Quant à la violence de la répression, au moins trois personnes semblent avoir été tués par la Garde nationale ou d’autres forces de sécurité – dont deux manifestants et un militant pro-gouvernemental. Certains blâment le gouvernement pour trois meurtres supplémentaires par des civils armés ; dans un pays avec une moyenne de plus de 65 homicides par jour, il est tout à fait possible que ces gens aient agi de leur propre chef.

21 membres des forces de sécurité sont en état d’arrestation pour abus, y compris pour certains des meurtres. Il n’y a pas de « campagne de terreur ».
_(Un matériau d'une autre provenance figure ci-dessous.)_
(* Let $x_1 \in X$ and stepsizes $\gamma_k > 0$ be given, and for $k \ge 1$ let \[ y_k = P_{x_k}(\gamma_k F(x_k)), \qquad x_{k+1} = P_{x_k}(\gamma_k F(y_k)). \] Then: (a) There exists $x^* \in X^*$ such that \[ -\frac{\gamma_k^2}{2\alpha}\|F(x_k) - F(y_k)\|_*^2 + V(x_k, y_k) \le V(x_k, x^* ) - V(x_{k+1}, x^* ). \] (b) If $F$ is Hölder continuous, i.e. $\|F(x) - F(y)\|_* \le L\|x-y\|^\nu$ for all $x, y\in X$ for some $L>0$ and $\nu \in (0,1]$, then there exists $x^* \in X^*$ such that \[ V(x_k,y_k) - 2^{\nu-1}L^2\gamma_k^2\alpha^{-(1+\nu)}\left[V(x_k,y_k)\right]^\nu \le V(x_k,x^* ) - V(x_{k+1},x^* ). \] In particular, if $F$ is Lipschitz continuous ($\nu = 1$), then \[ \left(1 - L^2\gamma_k^2\alpha^{-2}\right)V(x_k,y_k) \le V(x_k,x^* ) - V(x_{k+1},x^* ). \]
   Context: $\mathbb{R}^n$ carries an inner product $\langle\cdot,\cdot\rangle$ and a norm $\|\cdot\|$ (not necessarily induced by the inner product), with dual norm $\|\cdot\|_*$. $X \subseteq \mathbb{R}^n$ is a nonempty closed convex set and $F: X \to \mathbb{R}^n$ is continuous. $X^*$ is the set of strong solutions of $\mathrm{VI}(X,F)$ (points $x^*\in X$ with $\langle F(x^* ), x - x^*\rangle \ge 0$ for all $x\in X$); it is assumed nonempty, and it is assumed (generalized monotonicity) that for every $x^* \in X^*$, $\langle F(x), x - x^*\rangle \ge 0$ for all $x \in X$. A distance generating function with modulus $\alpha>0$ w.r.t. $\|\cdot\|$ is a function $\omega: X \to \mathbb{R}$ that is convex and continuous on $X$, such that $X^o = \{x \in X : \partial\omega(x) \neq \emptyset\}$ is convex, and such that $\omega$ restricted to $X^o$ is continuously differentiable and satisfies $\langle \nabla\omega(x') - \nabla\omega(x), x' - x\rangle \ge \alpha\|x'-x\|^2$ for all $x, x' \in X^o$. Fix such an $\omega$. $V(x,z) = \omega(z) - \omega(x) - \langle \nabla\omega(x), z - x\rangle$ and $P_x(\phi) = \arg\min_{z \in X}\{\langle \phi, z\rangle + V(x,z)\}$. *)

From HB Require Import structures.
From mathcomp Require Import all_boot all_order all_algebra.
From mathcomp Require Import all_classical all_reals all_analysis.
Set Implicit Arguments. Unset Strict Implicit. Unset Printing Implicit Defensive.
Import Order.TTheory GRing.Theory Num.Theory.
Local Open Scope ring_scope.
Local Open Scope classical_set_scope.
Dans le même temps, il est difficile de trouver une dénonciation sérieuse de la violence des principaux dirigeants de l’opposition. Les sondages indiquent que les protestations sont très impopulaires au Venezuela, même si elles font beaucoup mieux à l’étranger où elles sont présentées comme des « manifestations pacifiques » par des gens comme Kerry. Les sondages indiquent également que la majorité des Vénézuéliens voient ces perturbations pour ce qu’elles sont : une tentative de renverser le gouvernement élu.

La politique intérieure de la posture de Kerry est assez simple. D’une part, vous avez le lobby de la droite cubano-américaine en Floride et leurs alliés néo-conservateurs qui réclament à cors et à cris le renversement du gouvernement. A gauche de l’extrême droite, il n’y a… rien. Cette Maison Blanche se soucie très peu de l’Amérique latine, et il n’y a pas de conséquences électorales à faire en sorte que la plupart des gouvernements du continent soient un peu plus dégoûtés de Washington.

Peut-être que Kerry pense que l’économie vénézuélienne va s’effondrer et que cela entraînera quelques Vénézuéliens pas-si-riches dans les rues contre le gouvernement. Mais la situation économique se stabilise – l’inflation a diminué en Février, et le dollar sur le marché noir a fortement baissé à l’annonce que le gouvernement mettait en place un nouveau taux de change, basé sur le marché. Les obligations souveraines du Venezuela ont eu un rendement de 11,5% entre le 11 Février (veille des manifestations) et le 13 Mars, soit le rendement les plus élevé de l’indice du marché Bloomberg en dollars des pays émergents. Les pénuries seront probablement réduites dans les semaines et mois à venir.

Evidemment, c’est justement là le problème principal de l’opposition : la prochaine élection est prévue dans 18 mois, et à ce moment, il est probable que les pénuries économiques et l’inflation qui avaient tellement augmenté au cours des 15 derniers mois auront diminué. L’opposition perdra alors probablement les élections législatives, car elle a perdu toutes les élections de ces 15 dernières années. Et la stratégie insurrectionnelle actuelle n’aide pas sa cause et semble avoir divisé l’opposition et réuni les chavistes.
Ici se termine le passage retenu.